Problem details
Return every line from the one with "Definition DLap (n" through the one with "Definition Mp (n", inclusive, exactly as it appears below.

Data records
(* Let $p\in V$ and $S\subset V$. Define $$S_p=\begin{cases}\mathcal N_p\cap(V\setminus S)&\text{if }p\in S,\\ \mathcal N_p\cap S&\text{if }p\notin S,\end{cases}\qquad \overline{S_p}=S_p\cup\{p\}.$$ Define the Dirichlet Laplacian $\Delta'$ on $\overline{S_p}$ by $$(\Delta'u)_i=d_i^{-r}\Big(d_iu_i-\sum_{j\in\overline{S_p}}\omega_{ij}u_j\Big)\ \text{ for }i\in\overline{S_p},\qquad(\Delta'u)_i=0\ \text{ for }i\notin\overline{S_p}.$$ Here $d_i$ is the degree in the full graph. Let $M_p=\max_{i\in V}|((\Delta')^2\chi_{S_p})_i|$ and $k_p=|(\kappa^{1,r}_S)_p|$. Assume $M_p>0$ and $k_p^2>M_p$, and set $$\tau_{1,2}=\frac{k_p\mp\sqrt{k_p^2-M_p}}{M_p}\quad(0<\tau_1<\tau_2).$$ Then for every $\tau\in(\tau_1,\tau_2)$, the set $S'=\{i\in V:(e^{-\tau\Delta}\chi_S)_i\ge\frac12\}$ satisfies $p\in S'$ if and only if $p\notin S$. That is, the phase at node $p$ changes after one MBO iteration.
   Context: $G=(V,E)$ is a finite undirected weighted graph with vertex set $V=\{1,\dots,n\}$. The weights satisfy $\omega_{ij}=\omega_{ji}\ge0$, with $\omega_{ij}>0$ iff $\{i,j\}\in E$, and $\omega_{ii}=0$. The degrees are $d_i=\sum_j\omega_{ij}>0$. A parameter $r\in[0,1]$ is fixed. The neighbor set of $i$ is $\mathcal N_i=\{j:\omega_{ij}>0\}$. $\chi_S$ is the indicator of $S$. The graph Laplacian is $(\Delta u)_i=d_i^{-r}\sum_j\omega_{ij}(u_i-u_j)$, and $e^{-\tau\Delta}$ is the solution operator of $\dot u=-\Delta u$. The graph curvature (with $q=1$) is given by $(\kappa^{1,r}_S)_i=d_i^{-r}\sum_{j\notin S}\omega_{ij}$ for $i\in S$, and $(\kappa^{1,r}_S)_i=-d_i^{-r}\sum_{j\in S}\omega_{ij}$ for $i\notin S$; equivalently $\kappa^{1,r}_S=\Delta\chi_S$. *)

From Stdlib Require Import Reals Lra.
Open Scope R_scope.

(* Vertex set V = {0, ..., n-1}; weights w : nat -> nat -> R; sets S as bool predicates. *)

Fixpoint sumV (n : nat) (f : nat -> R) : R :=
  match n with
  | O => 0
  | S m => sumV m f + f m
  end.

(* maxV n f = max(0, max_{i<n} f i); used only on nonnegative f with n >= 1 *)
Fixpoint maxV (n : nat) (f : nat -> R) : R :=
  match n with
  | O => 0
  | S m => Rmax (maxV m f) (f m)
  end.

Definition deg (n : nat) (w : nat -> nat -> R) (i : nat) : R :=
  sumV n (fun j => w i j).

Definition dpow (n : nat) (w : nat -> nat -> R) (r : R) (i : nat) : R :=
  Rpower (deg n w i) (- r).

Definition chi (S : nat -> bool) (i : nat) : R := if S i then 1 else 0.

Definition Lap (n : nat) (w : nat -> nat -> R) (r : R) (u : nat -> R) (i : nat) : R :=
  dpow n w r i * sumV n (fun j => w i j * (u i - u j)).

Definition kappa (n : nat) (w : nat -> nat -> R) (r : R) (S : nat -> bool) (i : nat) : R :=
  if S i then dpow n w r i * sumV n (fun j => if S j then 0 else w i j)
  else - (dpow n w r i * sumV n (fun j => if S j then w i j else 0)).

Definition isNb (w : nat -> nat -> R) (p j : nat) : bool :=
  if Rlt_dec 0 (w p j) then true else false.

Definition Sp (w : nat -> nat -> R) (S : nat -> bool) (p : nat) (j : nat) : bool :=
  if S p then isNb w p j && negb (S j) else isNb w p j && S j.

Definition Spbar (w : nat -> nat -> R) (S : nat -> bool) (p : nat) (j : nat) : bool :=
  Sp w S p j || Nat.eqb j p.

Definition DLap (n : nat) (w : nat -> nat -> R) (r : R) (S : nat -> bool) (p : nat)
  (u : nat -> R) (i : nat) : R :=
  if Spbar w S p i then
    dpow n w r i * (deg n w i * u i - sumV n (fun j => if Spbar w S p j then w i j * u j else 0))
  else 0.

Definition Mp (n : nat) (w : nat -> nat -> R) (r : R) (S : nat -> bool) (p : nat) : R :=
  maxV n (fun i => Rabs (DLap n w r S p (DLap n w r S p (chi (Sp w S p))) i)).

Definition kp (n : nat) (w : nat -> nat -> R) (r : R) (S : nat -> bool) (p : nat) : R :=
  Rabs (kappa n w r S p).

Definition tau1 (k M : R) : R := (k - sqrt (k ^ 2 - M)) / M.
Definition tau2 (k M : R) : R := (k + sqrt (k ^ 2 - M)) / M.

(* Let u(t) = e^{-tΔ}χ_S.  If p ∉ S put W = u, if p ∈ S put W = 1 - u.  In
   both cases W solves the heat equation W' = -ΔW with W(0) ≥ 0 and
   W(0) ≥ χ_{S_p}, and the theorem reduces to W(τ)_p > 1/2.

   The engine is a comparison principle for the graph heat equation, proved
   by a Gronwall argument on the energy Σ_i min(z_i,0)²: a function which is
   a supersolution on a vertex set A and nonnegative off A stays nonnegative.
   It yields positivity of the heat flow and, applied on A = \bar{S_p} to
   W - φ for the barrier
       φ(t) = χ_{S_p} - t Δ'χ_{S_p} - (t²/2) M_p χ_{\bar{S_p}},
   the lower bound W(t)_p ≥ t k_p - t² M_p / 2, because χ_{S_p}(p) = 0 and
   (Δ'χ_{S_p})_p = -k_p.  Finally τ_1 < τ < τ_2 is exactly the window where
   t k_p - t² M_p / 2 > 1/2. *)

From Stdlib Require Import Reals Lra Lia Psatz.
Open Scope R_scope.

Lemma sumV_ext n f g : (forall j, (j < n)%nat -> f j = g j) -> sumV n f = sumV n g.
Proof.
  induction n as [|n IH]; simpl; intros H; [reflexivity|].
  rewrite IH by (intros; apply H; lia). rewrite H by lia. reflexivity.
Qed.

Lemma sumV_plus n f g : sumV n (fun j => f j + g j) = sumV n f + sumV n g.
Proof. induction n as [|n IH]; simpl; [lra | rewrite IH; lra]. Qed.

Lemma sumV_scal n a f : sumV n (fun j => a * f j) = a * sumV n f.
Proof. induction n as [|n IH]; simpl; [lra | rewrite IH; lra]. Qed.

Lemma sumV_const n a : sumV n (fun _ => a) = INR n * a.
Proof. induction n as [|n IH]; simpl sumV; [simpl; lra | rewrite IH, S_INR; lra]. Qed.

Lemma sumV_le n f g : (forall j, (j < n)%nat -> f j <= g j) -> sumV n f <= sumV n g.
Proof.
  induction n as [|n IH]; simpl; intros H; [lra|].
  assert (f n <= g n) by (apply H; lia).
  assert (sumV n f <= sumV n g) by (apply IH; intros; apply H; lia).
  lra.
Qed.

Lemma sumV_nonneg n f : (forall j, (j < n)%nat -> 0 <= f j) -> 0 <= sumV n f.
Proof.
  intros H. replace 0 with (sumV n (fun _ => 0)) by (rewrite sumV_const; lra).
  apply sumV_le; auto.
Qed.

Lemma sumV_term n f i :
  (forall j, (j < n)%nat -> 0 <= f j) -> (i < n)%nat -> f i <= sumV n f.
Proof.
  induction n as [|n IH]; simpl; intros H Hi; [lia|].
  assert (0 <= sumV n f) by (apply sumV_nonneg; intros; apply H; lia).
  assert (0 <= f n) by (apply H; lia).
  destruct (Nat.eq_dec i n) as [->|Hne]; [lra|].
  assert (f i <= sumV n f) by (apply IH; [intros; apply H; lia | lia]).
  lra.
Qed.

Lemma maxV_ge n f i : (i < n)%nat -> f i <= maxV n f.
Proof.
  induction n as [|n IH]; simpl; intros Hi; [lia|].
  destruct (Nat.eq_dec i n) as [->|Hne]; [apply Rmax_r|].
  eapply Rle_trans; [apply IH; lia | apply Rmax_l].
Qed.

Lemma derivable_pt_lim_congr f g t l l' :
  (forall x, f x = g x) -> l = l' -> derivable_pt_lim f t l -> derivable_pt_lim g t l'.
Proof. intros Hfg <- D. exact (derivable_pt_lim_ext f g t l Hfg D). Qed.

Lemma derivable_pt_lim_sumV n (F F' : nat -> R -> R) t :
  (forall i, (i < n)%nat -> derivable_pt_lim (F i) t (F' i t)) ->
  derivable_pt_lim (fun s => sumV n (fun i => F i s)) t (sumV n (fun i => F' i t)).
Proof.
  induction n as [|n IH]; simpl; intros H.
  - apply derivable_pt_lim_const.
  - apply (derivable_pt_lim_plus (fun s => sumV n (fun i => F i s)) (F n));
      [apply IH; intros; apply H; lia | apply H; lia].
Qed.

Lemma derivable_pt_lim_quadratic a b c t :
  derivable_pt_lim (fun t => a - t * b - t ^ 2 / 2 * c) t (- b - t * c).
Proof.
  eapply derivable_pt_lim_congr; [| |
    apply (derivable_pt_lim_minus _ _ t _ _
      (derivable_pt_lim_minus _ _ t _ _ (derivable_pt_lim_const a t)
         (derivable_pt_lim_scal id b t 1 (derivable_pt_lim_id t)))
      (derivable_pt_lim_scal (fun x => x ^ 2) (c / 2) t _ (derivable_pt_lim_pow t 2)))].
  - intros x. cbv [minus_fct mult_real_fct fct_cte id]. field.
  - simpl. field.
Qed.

* * *

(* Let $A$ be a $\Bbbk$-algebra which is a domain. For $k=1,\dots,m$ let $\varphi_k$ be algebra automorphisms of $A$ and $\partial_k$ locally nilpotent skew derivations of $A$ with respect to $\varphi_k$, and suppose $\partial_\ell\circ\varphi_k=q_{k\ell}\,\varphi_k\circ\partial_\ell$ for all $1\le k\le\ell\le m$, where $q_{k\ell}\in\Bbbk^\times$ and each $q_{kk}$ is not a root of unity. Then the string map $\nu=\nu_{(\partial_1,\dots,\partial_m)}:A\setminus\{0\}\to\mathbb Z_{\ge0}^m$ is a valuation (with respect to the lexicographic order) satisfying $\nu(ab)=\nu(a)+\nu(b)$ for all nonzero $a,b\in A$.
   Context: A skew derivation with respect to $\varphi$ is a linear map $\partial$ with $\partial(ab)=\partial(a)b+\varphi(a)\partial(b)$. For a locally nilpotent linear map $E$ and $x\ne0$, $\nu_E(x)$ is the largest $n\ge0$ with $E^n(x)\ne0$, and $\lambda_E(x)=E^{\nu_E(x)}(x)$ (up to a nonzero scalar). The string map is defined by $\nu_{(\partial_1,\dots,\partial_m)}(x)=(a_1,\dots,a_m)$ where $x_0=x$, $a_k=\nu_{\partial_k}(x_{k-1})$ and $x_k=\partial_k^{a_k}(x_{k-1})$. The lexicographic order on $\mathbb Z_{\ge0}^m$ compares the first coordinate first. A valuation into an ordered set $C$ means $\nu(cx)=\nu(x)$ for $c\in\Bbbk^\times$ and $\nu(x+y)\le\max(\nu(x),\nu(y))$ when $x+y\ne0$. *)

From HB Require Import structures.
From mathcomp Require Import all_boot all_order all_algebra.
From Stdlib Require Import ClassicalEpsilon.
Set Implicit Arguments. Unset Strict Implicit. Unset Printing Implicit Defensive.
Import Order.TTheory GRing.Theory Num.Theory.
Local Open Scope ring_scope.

---

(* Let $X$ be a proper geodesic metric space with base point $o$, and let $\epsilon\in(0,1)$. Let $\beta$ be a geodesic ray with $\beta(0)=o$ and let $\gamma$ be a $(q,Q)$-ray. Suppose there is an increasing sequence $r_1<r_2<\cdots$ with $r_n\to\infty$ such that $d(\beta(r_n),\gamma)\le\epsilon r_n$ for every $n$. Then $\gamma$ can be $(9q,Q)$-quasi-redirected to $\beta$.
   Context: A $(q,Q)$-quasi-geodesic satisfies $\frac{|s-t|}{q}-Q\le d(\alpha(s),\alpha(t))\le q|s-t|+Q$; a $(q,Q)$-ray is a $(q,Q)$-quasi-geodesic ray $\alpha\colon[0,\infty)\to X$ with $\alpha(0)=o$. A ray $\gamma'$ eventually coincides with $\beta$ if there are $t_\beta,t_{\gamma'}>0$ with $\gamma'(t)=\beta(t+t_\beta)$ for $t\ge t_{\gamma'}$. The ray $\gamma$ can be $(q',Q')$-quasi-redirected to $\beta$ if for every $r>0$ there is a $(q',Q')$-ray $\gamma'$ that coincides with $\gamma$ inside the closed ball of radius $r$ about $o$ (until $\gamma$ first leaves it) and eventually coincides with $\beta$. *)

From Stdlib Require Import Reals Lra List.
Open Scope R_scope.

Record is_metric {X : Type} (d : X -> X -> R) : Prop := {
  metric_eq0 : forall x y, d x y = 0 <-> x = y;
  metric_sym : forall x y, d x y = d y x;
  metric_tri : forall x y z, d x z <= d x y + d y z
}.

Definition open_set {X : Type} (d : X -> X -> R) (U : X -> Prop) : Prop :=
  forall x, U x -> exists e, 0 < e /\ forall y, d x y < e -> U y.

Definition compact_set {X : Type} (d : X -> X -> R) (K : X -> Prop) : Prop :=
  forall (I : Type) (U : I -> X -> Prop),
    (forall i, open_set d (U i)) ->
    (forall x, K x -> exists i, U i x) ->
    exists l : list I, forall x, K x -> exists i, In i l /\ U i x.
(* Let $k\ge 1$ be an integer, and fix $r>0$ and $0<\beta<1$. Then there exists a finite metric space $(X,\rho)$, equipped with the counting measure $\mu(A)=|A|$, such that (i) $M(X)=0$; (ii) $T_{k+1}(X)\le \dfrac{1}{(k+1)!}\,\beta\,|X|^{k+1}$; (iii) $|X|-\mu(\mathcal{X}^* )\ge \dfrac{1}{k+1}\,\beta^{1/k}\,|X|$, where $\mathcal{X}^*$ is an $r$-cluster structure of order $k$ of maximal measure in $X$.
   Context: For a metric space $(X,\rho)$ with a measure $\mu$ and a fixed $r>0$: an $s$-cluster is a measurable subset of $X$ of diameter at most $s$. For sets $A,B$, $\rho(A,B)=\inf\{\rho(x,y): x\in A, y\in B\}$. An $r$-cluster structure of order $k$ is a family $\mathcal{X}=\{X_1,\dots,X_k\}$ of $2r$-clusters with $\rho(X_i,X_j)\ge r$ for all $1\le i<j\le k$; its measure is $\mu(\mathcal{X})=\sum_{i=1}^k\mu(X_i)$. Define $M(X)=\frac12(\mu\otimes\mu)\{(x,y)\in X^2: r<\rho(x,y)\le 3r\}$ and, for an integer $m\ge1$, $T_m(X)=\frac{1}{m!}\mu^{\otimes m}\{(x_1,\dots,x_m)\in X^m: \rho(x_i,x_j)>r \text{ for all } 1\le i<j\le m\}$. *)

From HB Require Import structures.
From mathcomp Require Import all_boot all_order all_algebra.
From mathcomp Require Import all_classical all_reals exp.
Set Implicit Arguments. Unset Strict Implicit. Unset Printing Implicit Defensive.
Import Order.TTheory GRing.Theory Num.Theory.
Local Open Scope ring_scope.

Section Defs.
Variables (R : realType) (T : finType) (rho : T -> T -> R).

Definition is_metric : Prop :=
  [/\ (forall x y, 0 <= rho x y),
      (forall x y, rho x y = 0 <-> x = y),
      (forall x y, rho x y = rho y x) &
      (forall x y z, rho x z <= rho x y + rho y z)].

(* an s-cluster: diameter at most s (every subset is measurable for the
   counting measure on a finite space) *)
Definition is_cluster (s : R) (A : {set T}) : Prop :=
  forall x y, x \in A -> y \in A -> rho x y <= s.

Exercise answer
Definition DLap (n : nat) (w : nat -> nat -> R) (r : R) (S : nat -> bool) (p : nat)
  (u : nat -> R) (i : nat) : R :=
  if Spbar w S p i then
    dpow n w r i * (deg n w i * u i - sumV n (fun j => if Spbar w S p j then w i j * u j else 0))
  else 0.

Definition Mp (n : nat) (w : nat -> nat -> R) (r : R) (S : nat -> bool) (p : nat) : R :=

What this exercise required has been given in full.